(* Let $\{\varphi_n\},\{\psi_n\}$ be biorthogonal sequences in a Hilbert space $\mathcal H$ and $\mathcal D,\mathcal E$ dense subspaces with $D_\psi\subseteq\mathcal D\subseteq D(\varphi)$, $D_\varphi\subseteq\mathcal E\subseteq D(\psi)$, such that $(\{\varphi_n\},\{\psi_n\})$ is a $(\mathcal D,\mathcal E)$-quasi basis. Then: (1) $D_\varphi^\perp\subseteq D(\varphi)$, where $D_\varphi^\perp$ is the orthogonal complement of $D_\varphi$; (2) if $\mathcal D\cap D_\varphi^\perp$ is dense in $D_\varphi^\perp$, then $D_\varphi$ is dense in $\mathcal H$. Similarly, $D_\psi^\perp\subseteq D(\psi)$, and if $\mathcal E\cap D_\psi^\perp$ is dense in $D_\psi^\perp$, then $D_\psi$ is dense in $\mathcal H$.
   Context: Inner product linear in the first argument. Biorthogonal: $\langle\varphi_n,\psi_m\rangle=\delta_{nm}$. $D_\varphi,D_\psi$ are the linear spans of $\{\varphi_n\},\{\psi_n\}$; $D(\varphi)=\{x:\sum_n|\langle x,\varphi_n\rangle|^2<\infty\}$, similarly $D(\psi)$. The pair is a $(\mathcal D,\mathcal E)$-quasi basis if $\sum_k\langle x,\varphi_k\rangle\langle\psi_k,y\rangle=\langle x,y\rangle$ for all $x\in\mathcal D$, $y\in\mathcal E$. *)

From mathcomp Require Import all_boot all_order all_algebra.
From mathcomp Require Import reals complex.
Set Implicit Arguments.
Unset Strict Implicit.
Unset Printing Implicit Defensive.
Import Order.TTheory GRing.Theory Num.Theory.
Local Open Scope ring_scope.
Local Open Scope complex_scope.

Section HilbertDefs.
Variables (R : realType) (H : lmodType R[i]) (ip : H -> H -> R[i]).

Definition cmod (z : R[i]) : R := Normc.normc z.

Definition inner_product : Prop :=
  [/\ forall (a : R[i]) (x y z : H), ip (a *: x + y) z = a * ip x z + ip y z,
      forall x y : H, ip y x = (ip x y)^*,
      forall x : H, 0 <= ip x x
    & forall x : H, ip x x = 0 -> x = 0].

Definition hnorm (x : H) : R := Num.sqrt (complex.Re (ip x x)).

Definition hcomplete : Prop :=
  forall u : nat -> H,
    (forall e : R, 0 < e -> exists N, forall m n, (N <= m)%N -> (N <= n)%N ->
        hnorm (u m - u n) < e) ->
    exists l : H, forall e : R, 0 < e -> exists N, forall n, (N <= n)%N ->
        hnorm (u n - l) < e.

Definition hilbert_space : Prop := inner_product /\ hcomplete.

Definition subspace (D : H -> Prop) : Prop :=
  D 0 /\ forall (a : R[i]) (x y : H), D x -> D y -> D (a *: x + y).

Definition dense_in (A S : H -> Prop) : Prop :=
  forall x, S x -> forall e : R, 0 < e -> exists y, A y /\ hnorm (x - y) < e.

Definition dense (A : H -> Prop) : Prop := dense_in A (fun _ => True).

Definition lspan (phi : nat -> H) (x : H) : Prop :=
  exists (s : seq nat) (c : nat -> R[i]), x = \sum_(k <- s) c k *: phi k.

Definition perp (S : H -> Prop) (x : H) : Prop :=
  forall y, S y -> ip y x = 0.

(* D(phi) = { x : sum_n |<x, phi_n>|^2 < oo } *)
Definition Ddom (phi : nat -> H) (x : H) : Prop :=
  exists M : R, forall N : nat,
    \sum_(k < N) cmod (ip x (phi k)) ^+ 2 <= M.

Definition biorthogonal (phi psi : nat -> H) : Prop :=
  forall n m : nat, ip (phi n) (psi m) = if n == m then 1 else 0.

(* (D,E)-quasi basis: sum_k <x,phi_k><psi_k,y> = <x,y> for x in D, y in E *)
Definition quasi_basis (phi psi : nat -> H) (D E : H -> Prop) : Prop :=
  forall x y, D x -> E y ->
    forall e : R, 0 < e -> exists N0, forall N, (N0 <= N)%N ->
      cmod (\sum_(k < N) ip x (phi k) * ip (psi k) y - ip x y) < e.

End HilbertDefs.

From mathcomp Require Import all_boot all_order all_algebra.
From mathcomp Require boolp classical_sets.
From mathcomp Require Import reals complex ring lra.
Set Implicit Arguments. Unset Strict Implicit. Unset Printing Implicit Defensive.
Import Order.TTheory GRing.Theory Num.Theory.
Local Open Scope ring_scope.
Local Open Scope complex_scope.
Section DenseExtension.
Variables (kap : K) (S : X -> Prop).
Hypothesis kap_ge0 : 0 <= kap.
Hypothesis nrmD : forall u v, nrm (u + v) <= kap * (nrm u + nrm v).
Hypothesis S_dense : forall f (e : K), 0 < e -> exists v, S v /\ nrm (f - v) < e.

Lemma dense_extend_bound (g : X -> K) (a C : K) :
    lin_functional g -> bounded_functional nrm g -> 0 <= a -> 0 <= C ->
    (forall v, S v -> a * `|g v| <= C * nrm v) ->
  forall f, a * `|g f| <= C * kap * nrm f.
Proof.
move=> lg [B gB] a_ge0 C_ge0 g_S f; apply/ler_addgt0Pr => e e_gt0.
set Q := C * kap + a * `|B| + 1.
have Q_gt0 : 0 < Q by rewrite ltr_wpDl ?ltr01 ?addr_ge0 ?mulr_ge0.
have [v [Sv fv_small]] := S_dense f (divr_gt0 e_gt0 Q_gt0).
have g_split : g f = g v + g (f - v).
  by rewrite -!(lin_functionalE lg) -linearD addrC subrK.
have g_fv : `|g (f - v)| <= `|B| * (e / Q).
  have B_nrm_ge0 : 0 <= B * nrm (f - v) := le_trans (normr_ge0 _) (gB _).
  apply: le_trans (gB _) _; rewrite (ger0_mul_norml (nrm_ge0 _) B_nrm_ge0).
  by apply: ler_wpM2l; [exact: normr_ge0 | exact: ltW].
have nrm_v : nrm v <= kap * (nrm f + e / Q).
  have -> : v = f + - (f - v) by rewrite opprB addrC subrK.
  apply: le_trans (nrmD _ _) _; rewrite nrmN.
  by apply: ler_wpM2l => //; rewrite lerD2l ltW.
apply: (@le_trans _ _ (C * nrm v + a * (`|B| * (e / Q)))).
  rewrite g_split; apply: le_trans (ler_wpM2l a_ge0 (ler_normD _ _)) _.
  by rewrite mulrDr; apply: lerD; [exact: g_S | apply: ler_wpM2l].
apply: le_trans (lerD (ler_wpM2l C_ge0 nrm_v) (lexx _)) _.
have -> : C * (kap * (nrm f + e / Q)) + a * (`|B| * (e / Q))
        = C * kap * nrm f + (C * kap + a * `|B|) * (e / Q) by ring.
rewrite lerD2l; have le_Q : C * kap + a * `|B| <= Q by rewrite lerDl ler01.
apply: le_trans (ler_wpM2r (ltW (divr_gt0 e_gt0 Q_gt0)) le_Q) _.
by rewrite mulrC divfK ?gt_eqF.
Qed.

※ ※ ※

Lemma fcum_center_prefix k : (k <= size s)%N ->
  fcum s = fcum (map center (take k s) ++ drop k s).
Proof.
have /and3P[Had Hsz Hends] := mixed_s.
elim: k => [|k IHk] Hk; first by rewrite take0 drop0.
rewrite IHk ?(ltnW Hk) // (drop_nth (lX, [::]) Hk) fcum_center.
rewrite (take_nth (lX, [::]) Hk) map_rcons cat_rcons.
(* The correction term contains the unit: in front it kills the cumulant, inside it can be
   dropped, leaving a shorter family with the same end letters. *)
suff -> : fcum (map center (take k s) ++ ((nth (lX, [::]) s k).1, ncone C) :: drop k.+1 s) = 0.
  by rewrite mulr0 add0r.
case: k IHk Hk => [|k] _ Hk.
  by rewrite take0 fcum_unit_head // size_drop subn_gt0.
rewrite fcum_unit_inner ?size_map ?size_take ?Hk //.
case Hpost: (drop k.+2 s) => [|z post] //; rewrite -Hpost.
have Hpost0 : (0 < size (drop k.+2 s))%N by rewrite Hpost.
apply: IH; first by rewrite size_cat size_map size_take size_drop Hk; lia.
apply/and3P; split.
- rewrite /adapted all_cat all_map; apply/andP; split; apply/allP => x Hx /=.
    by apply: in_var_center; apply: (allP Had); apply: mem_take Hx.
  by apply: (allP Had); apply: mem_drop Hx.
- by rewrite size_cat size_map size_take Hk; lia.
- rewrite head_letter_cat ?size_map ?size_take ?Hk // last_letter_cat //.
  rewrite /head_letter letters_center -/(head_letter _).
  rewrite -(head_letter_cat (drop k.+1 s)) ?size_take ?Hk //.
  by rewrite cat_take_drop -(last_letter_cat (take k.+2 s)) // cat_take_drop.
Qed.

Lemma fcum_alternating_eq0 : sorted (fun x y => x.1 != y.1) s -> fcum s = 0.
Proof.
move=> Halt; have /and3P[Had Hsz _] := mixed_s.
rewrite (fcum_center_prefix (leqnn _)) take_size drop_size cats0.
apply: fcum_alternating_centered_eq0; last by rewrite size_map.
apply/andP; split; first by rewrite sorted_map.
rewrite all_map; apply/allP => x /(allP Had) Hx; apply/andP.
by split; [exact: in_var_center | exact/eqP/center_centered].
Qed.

※ ※ ※

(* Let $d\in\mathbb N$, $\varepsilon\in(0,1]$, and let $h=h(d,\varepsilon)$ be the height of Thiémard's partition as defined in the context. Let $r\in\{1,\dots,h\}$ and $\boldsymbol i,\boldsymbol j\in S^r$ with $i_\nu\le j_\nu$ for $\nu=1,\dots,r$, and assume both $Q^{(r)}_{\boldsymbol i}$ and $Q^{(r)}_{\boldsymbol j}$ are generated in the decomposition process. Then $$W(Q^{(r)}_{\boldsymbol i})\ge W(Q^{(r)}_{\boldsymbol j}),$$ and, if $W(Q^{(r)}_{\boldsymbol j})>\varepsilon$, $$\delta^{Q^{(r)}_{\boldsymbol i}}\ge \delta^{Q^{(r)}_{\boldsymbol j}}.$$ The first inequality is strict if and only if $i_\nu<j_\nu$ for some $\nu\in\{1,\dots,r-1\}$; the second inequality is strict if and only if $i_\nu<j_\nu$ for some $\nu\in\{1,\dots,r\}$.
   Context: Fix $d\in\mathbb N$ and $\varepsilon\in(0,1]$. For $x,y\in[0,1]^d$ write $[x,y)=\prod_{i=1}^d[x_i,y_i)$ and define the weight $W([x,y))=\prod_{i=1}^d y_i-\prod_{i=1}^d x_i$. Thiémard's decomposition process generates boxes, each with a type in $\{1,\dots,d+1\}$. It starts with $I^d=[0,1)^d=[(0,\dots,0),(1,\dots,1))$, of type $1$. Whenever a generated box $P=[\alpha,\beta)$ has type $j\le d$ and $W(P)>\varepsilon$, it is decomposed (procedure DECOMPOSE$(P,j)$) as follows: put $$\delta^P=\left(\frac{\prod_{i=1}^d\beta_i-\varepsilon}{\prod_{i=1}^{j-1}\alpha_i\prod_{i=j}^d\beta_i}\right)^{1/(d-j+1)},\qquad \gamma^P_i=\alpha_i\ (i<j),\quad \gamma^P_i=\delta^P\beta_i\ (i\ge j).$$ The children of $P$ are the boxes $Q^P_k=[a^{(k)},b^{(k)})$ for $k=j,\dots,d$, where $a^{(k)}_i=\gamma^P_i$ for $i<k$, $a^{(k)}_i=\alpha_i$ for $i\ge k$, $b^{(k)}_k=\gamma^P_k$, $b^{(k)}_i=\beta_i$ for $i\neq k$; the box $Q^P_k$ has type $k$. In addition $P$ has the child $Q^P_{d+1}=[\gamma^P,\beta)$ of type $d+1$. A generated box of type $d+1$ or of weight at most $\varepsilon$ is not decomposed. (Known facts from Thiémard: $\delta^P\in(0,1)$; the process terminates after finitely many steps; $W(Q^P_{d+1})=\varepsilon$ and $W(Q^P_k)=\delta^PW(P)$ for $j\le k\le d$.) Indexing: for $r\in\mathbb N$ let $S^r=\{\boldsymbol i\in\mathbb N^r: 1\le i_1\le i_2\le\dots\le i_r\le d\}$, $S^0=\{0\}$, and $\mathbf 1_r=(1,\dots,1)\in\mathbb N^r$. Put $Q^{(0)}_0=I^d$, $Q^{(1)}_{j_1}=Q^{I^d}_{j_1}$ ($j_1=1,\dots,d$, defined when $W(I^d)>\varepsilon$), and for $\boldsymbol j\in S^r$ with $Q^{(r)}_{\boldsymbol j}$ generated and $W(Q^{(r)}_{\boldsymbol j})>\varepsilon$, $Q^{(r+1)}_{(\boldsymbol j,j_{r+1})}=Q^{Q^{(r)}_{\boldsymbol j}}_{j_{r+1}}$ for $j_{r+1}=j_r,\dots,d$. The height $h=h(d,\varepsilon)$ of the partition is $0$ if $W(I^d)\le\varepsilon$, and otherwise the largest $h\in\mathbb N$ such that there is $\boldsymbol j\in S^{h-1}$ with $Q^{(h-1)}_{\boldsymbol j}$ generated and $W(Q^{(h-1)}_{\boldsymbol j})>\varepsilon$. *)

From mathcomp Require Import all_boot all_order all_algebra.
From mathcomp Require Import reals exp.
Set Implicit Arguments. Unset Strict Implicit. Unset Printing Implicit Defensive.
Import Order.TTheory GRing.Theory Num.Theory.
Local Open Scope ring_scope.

※ ※ ※

*What needs to be done*: Find the line with "forall u : nat" in the entries above. Retype it and each line after it, exactly, through the line with "forall y, S y -> ip y x = 0.", and stop there.

*Response area*:
  forall u : nat -> H,
    (forall e : R, 0 < e -> exists N, forall m n, (N <= m)%N -> (N <= n)%N ->
        hnorm (u m - u n) < e) ->
    exists l : H, forall e : R, 0 < e -> exists N, forall n, (N <= n)%N ->
        hnorm (u n - l) < e.

Definition hilbert_space : Prop := inner_product /\ hcomplete.

Definition subspace (D : H -> Prop) : Prop :=
  D 0 /\ forall (a : R[i]) (x y : H), D x -> D y -> D (a *: x + y).

Definition dense_in (A S : H -> Prop) : Prop :=
  forall x, S x -> forall e : R, 0 < e -> exists y, A y /\ hnorm (x - y) < e.

Definition dense (A : H -> Prop) : Prop := dense_in A (fun _ => True).

Definition lspan (phi : nat -> H) (x : H) : Prop :=
  exists (s : seq nat) (c : nat -> R[i]), x = \sum_(k <- s) c k *: phi k.

Definition perp (S : H -> Prop) (x : H) : Prop :=
  forall y, S y -> ip y x = 0.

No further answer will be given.